But wait a second. Are we saying that you should have overhang, even with bare feet? Yes. You will need overhang to be able to apply leverage to your edges and to get the most out of your board. 1/2 inch to 3/4 inch of boot overhang for both toe and heel is ideal, and will not create problematic toe or heel drag. Remember that boots typically add 1/2 at both the toe and heel to your foot measurement from above, due to padding, insulation and the outer boot materials. We do not suggest using the boot length to size boards though, as the extra padding etc, cannot be used well to create leverage, that has to come from your foot itself. We highly recommend that riders do not choose boards where their feet do not come to or exceed the real board width.

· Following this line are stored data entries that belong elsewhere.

Definition f32_of (c0 c1 : R -> R -> R) (c2 c3 : R -> R -> R -> R) : R -> R -> R -> R :=
  fun u v s => c0 u s + v * c1 u s + v ^ 2 * c2 u (v ^ 2) s + v ^ 3 * c3 u (v ^ 2) s.

Definition f_of (f21 f31 : R -> R) (f24 f34 : R -> R -> R) (f32 : R -> R -> R -> R)
  : R -> R -> R -> V3 :=
  fun u v s =>
    mkV u
        (u ^ 2 * f21 u + v ^ 2 + u * s * f24 u s)
        (u ^ 2 * f31 u + v ^ 2 * f32 u v s + u * s * f34 u s).

(* Along v = 0 the null vector field satisfies a = 0, so at the cuspidal cross cap every
   eta^k h is a polynomial in the v-derivatives of a, b and in the jets of h.  The conditions
   <h_u, eta^2 h> = <h_u, eta^3 h> = 0 and eta^3 h = l eta^2 h give a_v = -b q,
   a_vv = -2 b_v q and l = 3 b_v with q = <h_u, h_vv> / |h_u|^2; then r_b and r_c are explicit
   rational expressions in finitely many jets of the family at (u(s~), -s~^2), each of which
   expands to first order in s~ with remainder O(s~^2).  The eta^k h are obtained by formal
   differentiation of expressions polynomial in u, v with smooth coefficients. *)

From Stdlib Require Import Reals Lra List FunctionalExtensionality.
From Coquelicot Require Import Coquelicot.
Import ListNotations.
Open Scope R_scope.
Arguments pd2 : simpl never.
Arguments pd3 : simpl never.

Lemma pd2_app w w' g : pd2 (w ++ w') g = pd2 w' (pd2 w g).
Proof.
  revert g; induction w as [|[] w IH]; intros g; [reflexivity| |];
    cbn [app]; unfold pd2 at 1 3; fold pd2; apply IH.
Qed.

Lemma pd2_snoc w bu g : pd2 (w ++ [bu]) g = (if bu then pdu else pdv) (pd2 w g).
Proof. rewrite pd2_app; destruct bu; reflexivity. Qed.

Lemma pd3_app w w' c : pd3 (w ++ w') c = pd3 w' (pd3 w c).
Proof.
  revert c; induction w as [|[] w IH]; intros c; [reflexivity| | |];
    cbn [app]; unfold pd3 at 1 3; fold pd3; apply IH.
Qed.

Lemma pd3_snoc w i c :
  pd3 (w ++ [i]) c = match i with X1 => pd3_1 | X2 => pd3_2 | X3 => pd3_3 end (pd3 w c).
Proof. rewrite pd3_app; destruct i; reflexivity. Qed.

Lemma is_derive_cst (r x : R) : is_derive (fun _ : R => r) x 0.
Proof. exact (is_derive_const (K := R_AbsRing) (V := R_NormedModule) r x). Qed.

Lemma is_derive_transport (f g : R -> R) (x a b : R) :
  (forall t, f t = g t) -> a = b -> is_derive f x a -> is_derive g x b.
Proof. intros Efg <- H; exact (is_derive_ext f g x a Efg H). Qed.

OK, that's all well and good, but where can you get the information on board width at the inserts if the manufacturers don't provide it? That's easy. Email the store that carries the board(s) that you are considering. Give them your foot length in cm (and your stance width and angles if you know them). They will be able to provide you with the width at the inserts that you will be using and can factor in your stance angle as well to get you the exact overhang that you will have with bare feet.

PS:

Once mounted, the best way to test is to put your (tightly laced) boots into your bindings and strap them in tightly. It is important that you have the heel pulled all the way back into the bindings heel cup or the test won’t help. On a carpeted floor place your board flat on its base. Kneel behind the heelside edge and lift that edge so that it rests on your knees and so that the toeside edge is angled down into the carpet. Now press down with both hands using firm pressure, one hand on each of the boots. This will compress the board's sidecut and simulate a turn on hard snow. You can change the angle of the board on your knees to become progressively steeper and you will be able to see at what angle you will start getting toe drag. You will want to repeat the test for your heelside as well. If you are not getting drag at normal turn and landing angles, then you are good to go.

PPS:

Also a note about boots: Boot design plays a big role in toe drag as does binding ramping and binding base height. Boots that have a solid bevel at the toe/heel drag less. Many freestyle boots push for more surface contact and reduce bevel. This helps with contact, but if you have a lot of overhang with those boots it hurts in terms of toe drag.

Now go ride!*


----------



## Kyle0503 (Mar 4, 2011)

I ware size 12 and have a regular board with a waist of 255. No problems with toe or heel drag at all. Not all regular boards are the same width i would not go any smaller then 255 waist IMO


----------



## Shocktroop531 (Aug 3, 2010)

size 13. I only ride wide boards and often find myself wishing they were even wider


----------



## Capita_steez (Jan 6, 2021)

fortysix&2 said:


> I wear size 12/mondo 30. I've done the following:
> 
> 1. Palmer plates and Burton risers. They did eliminate any toe/heel drag. However, they cost $, and I have several boards in the quiver. Pain in the butt to switch out, too. I've also had problems with screws coming loose (even w/lock tight). I finally gave up and tried...
> 
> ...


what exactly are T9’s?


----------



## Radialhead (Jan 3, 2018)

Capita_steez said:


> what exactly are T9’s?


He's not a member anymore so won't reply. How did you even find an 11 year old post?


----------



## Capita_steez (Jan 6, 2021)

Radialhead said:


> He's not a member anymore so won't reply. How did you even find an 11 year old post?


 Uhmm google


----------